Data provided -

Definition fin_connected_graph (T : finType) (e : rel T) : Prop :=
  [/\ (0 < #|T|)%N, reflexive e, symmetric e &
      gconnected (@fin_closed T) (fun x y => e x y) setT].

Definition topological_graph (V : topologicalType) (E : set (V * V)) : Prop :=
  [/\ compact [set: V], @second_countable V, zero_dimensional V,
      closed E & (forall x, E (x, x)) /\ (forall x y, E (x, y) -> E (y, x))].

Definition tedge {V : Type} (E : set (V * V)) : V -> V -> Prop :=
  fun x y => E (x, y).

Definition continuous_to_discrete (V : topologicalType) (T : finType)
  (f : V -> T) : Prop := forall A : set T, open (f @^-1` A).

Definition tconfluent_epi (V : topologicalType) (E : set (V * V))
  (T : finType) (e : rel T) (f : V -> T) : Prop :=
  [/\ continuous_to_discrete f, graph_epi (tedge E) (fun a b => e a b) f &
      gconfluent closed (tedge E) (@fin_closed T) (fun a b => e a b) f].

Definition fconfluent_epi (B : finType) (eB : rel B) (A : finType) (eA : rel A)
  (g : B -> A) : Prop :=
  graph_epi (fun a b => eB a b) (fun a b => eA a b) g /\
  gconfluent (@fin_closed B) (fun a b => eB a b) (@fin_closed A)
             (fun a b => eA a b) g.

Definition compatible_metric (R : realType) (V : topologicalType)
  (d : V -> V -> R) : Prop :=
  [/\ (forall x y, d x y = 0 <-> x = y),
      (forall x y, d x y = d y x),
      (forall x y z, d x z <= d x y + d y z) &
      (forall A : set V, open A <->
         (forall x, A x -> exists2 r : R, 0 < r & forall y, d x y < r -> A y))].

Definition diam_lt (R : realType) (V : Type) (d : V -> V -> R)
  (S : set V) (eps : R) : Prop :=
  exists2 r : R, r < eps & forall x y, S x -> S y -> d x y <= r.

(** The three properties characterizing the projective Fraisse limit G. *)
Definition is_projective_Fraisse_limit (R : realType) (V : topologicalType)
  (E : set (V * V)) (d : V -> V -> R) : Prop :=
  [/\ topological_graph E,
      (* (1) *)
      (forall (A : finType) (eA : rel A), fin_connected_graph eA ->
         exists f : V -> A, tconfluent_epi E eA f),
      (* (2) *)
      (forall (A : finType) (eA : rel A) (B : finType) (eB : rel B),
         fin_connected_graph eA -> fin_connected_graph eB ->
         forall (f : V -> A) (g : B -> A),
           tconfluent_epi E eA f -> fconfluent_epi eB eA g ->
           exists h : V -> B, tconfluent_epi E eB h /\ f = g \o h) &
      (* (3) *)
      (forall eps : R, 0 < eps ->
         exists (A : finType) (eA : rel A) (f : V -> A),
           [/\ fin_connected_graph eA, tconfluent_epi E eA f &
               forall a : A, diam_lt d (f @^-1` [set a]) eps])].

Definition closed_subgraph (V : topologicalType) (E : set (V * V))
  (VA : set V) (EA : set (V * V)) : Prop :=
  [/\ closed VA, closed EA, EA `<=` E,
      (forall x y, EA (x, y) -> VA x /\ VA y) &
      (forall x, VA x -> EA (x, x)) /\ (forall x y, EA (x, y) -> EA (y, x))].

Definition indecomposable (V : topologicalType) (E : set (V * V)) : Prop :=
  gconnected closed (tedge E) setT /\
  ~ (exists (VA : set V) (EA : set (V * V)) (VB : set V) (EB : set (V * V)),
       [/\ closed_subgraph E VA EA, gconnected closed (tedge EA) VA,
           closed_subgraph E VB EB, gconnected closed (tedge EB) VB &
           [/\ VA `|` VB = setT, VA != setT & VB != setT]]).

From HB Require Import structures.
From mathcomp Require Import all_boot all_order all_algebra.
From mathcomp Require Import all_classical all_reals all_analysis.
Set Implicit Arguments. Unset Strict Implicit. Unset Printing Implicit Defensive.
Import Order.TTheory GRing.Theory Num.Theory.
Local Open Scope classical_set_scope.

(** Connectedness: a separation of the compact space by two clopen sets has
    positive width, so an epimorphism onto a finite connected graph whose
    fibres are thinner than that width would map it onto a separation of
    that graph.

    Indecomposability: if [V = A ∪ B] with [A], [B] proper closed connected
    subgraphs, pick [a ∉ B], [b ∉ A] and a map [f] onto a finite connected
    graph so fine that the fibre of [f a] avoids [B] and the fibre of [f b]
    avoids [A].  The first projection from two copies of the target glued
    along [f b] is confluent, so by (2) [f] factors through it via some [h].
    Then [h(A)] is connected, contains both copies of [f a] and no copy of
    [f b]; but the two copies communicate only through [f b]. *)

Section FiniteConnectedness.
Variables (T : finType) (e : T -> T -> Prop).
Local Notation fconnected := (gconnected (@fin_closed T) e).

Lemma fin_gdisconnected (S P Q : set T) :
  P !=set0 -> Q !=set0 -> P `|` Q = S -> P `&` Q = set0 ->
  (forall p q, P p -> Q q -> ~ e p q) -> gdisconnected (@fin_closed T) e S.
Proof.
move=> P0 Q0 PQS PQ0 noE; exists P, Q; split=> //; split=> //.
- by exists P; split=> //; rewrite -PQS setUK.
- by exists Q; split=> //; rewrite -PQS setIC setKU.
Qed.

Lemma fin_connected_sub_sep (D P Q : set T) :
  fconnected D -> D `<=` P `|` Q -> P `&` Q = set0 ->
  (forall p q, P p -> Q q -> ~ e p q) -> D `<=` P \/ D `<=` Q.
Proof.
move=> Dc DPQ PQ0 noE; apply: contrapT => /not_orP[].
rewrite -!setD_eq0 => /eqP/set0P[x [Dx nPx]] /eqP/set0P[y [Dy nQy]].
apply: Dc; apply: (@fin_gdisconnected _ (D `&` P) (D `&` Q)).
- by exists y; split => //; case: (DPQ y Dy).
- by exists x; split => //; case: (DPQ x Dx).
- by rewrite -setIUr; apply/setIidl.
- by rewrite setIACA setIid PQ0 setI0.
- by move=> p q [_ Pp] [_ Qq]; apply: noE.
Qed.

Task -
Repeat every record, keeping each line exactly as it is.

Final answer -
Definition fin_connected_graph (T : finType) (e : rel T) : Prop :=
  [/\ (0 < #|T|)%N, reflexive e, symmetric e &
      gconnected (@fin_closed T) (fun x y => e x y) setT].

Definition topological_graph (V : topologicalType) (E : set (V * V)) : Prop :=
  [/\ compact [set: V], @second_countable V, zero_dimensional V,
      closed E & (forall x, E (x, x)) /\ (forall x y, E (x, y) -> E (y, x))].

Definition tedge {V : Type} (E : set (V * V)) : V -> V -> Prop :=
  fun x y => E (x, y).

Definition continuous_to_discrete (V : topologicalType) (T : finType)
  (f : V -> T) : Prop := forall A : set T, open (f @^-1` A).

Definition tconfluent_epi (V : topologicalType) (E : set (V * V))
  (T : finType) (e : rel T) (f : V -> T) : Prop :=
  [/\ continuous_to_discrete f, graph_epi (tedge E) (fun a b => e a b) f &
      gconfluent closed (tedge E) (@fin_closed T) (fun a b => e a b) f].

Definition fconfluent_epi (B : finType) (eB : rel B) (A : finType) (eA : rel A)
  (g : B -> A) : Prop :=
  graph_epi (fun a b => eB a b) (fun a b => eA a b) g /\
  gconfluent (@fin_closed B) (fun a b => eB a b) (@fin_closed A)
             (fun a b => eA a b) g.

Definition compatible_metric (R : realType) (V : topologicalType)
  (d : V -> V -> R) : Prop :=
  [/\ (forall x y, d x y = 0 <-> x = y),
      (forall x y, d x y = d y x),
      (forall x y z, d x z <= d x y + d y z) &
      (forall A : set V, open A <->
         (forall x, A x -> exists2 r : R, 0 < r & forall y, d x y < r -> A y))].

Definition diam_lt (R : realType) (V : Type) (d : V -> V -> R)
  (S : set V) (eps : R) : Prop :=
  exists2 r : R, r < eps & forall x y, S x -> S y -> d x y <= r.

(** The three properties characterizing the projective Fraisse limit G. *)
Definition is_projective_Fraisse_limit (R : realType) (V : topologicalType)
  (E : set (V * V)) (d : V -> V -> R) : Prop :=
  [/\ topological_graph E,
      (* (1) *)
      (forall (A : finType) (eA : rel A), fin_connected_graph eA ->
         exists f : V -> A, tconfluent_epi E eA f),
      (* (2) *)
      (forall (A : finType) (eA : rel A) (B : finType) (eB : rel B),
         fin_connected_graph eA -> fin_connected_graph eB ->
         forall (f : V -> A) (g : B -> A),
           tconfluent_epi E eA f -> fconfluent_epi eB eA g ->
           exists h : V -> B, tconfluent_epi E eB h /\ f = g \o h) &
      (* (3) *)
      (forall eps : R, 0 < eps ->
         exists (A : finType) (eA : rel A) (f : V -> A),
           [/\ fin_connected_graph eA, tconfluent_epi E eA f &
               forall a : A, diam_lt d (f @^-1` [set a]) eps])].

Definition closed_subgraph (V : topologicalType) (E : set (V * V))
  (VA : set V) (EA : set (V * V)) : Prop :=
  [/\ closed VA, closed EA, EA `<=` E,
      (forall x y, EA (x, y) -> VA x /\ VA y) &
      (forall x, VA x -> EA (x, x)) /\ (forall x y, EA (x, y) -> EA (y, x))].

Definition indecomposable (V : topologicalType) (E : set (V * V)) : Prop :=
  gconnected closed (tedge E) setT /\
  ~ (exists (VA : set V) (EA : set (V * V)) (VB : set V) (EB : set (V * V)),
       [/\ closed_subgraph E VA EA, gconnected closed (tedge EA) VA,
           closed_subgraph E VB EB, gconnected closed (tedge EB) VB &
           [/\ VA `|` VB = setT, VA != setT & VB != setT]]).

From HB Require Import structures.
From mathcomp Require Import all_boot all_order all_algebra.
From mathcomp Require Import all_classical all_reals all_analysis.
Set Implicit Arguments. Unset Strict Implicit. Unset Printing Implicit Defensive.
Import Order.TTheory GRing.Theory Num.Theory.
Local Open Scope classical_set_scope.

(** Connectedness: a separation of the compact space by two clopen sets has
    positive width, so an epimorphism onto a finite connected graph whose
    fibres are thinner than that width would map it onto a separation of
    that graph.

    Indecomposability: if [V = A ∪ B] with [A], [B] proper closed connected
    subgraphs, pick [a ∉ B], [b ∉ A] and a map [f] onto a finite connected
    graph so fine that the fibre of [f a] avoids [B] and the fibre of [f b]
    avoids [A].  The first projection from two copies of the target glued
    along [f b] is confluent, so by (2) [f] factors through it via some [h].
    Then [h(A)] is connected, contains both copies of [f a] and no copy of
    [f b]; but the two copies communicate only through [f b]. *)

Section FiniteConnectedness.
Variables (T : finType) (e : T -> T -> Prop).
Local Notation fconnected := (gconnected (@fin_closed T) e).

Lemma fin_gdisconnected (S P Q : set T) :
  P !=set0 -> Q !=set0 -> P `|` Q = S -> P `&` Q = set0 ->
  (forall p q, P p -> Q q -> ~ e p q) -> gdisconnected (@fin_closed T) e S.
Proof.
move=> P0 Q0 PQS PQ0 noE; exists P, Q; split=> //; split=> //.
- by exists P; split=> //; rewrite -PQS setUK.
- by exists Q; split=> //; rewrite -PQS setIC setKU.
Qed.

Lemma fin_connected_sub_sep (D P Q : set T) :
  fconnected D -> D `<=` P `|` Q -> P `&` Q = set0 ->
  (forall p q, P p -> Q q -> ~ e p q) -> D `<=` P \/ D `<=` Q.
Proof.
move=> Dc DPQ PQ0 noE; apply: contrapT => /not_orP[].
rewrite -!setD_eq0 => /eqP/set0P[x [Dx nPx]] /eqP/set0P[y [Dy nQy]].
apply: Dc; apply: (@fin_gdisconnected _ (D `&` P) (D `&` Q)).
- by exists y; split => //; case: (DPQ y Dy).
- by exists x; split => //; case: (DPQ x Dx).
- by rewrite -setIUr; apply/setIidl.
- by rewrite setIACA setIid PQ0 setI0.
- by move=> p q [_ Pp] [_ Qq]; apply: noE.
Qed.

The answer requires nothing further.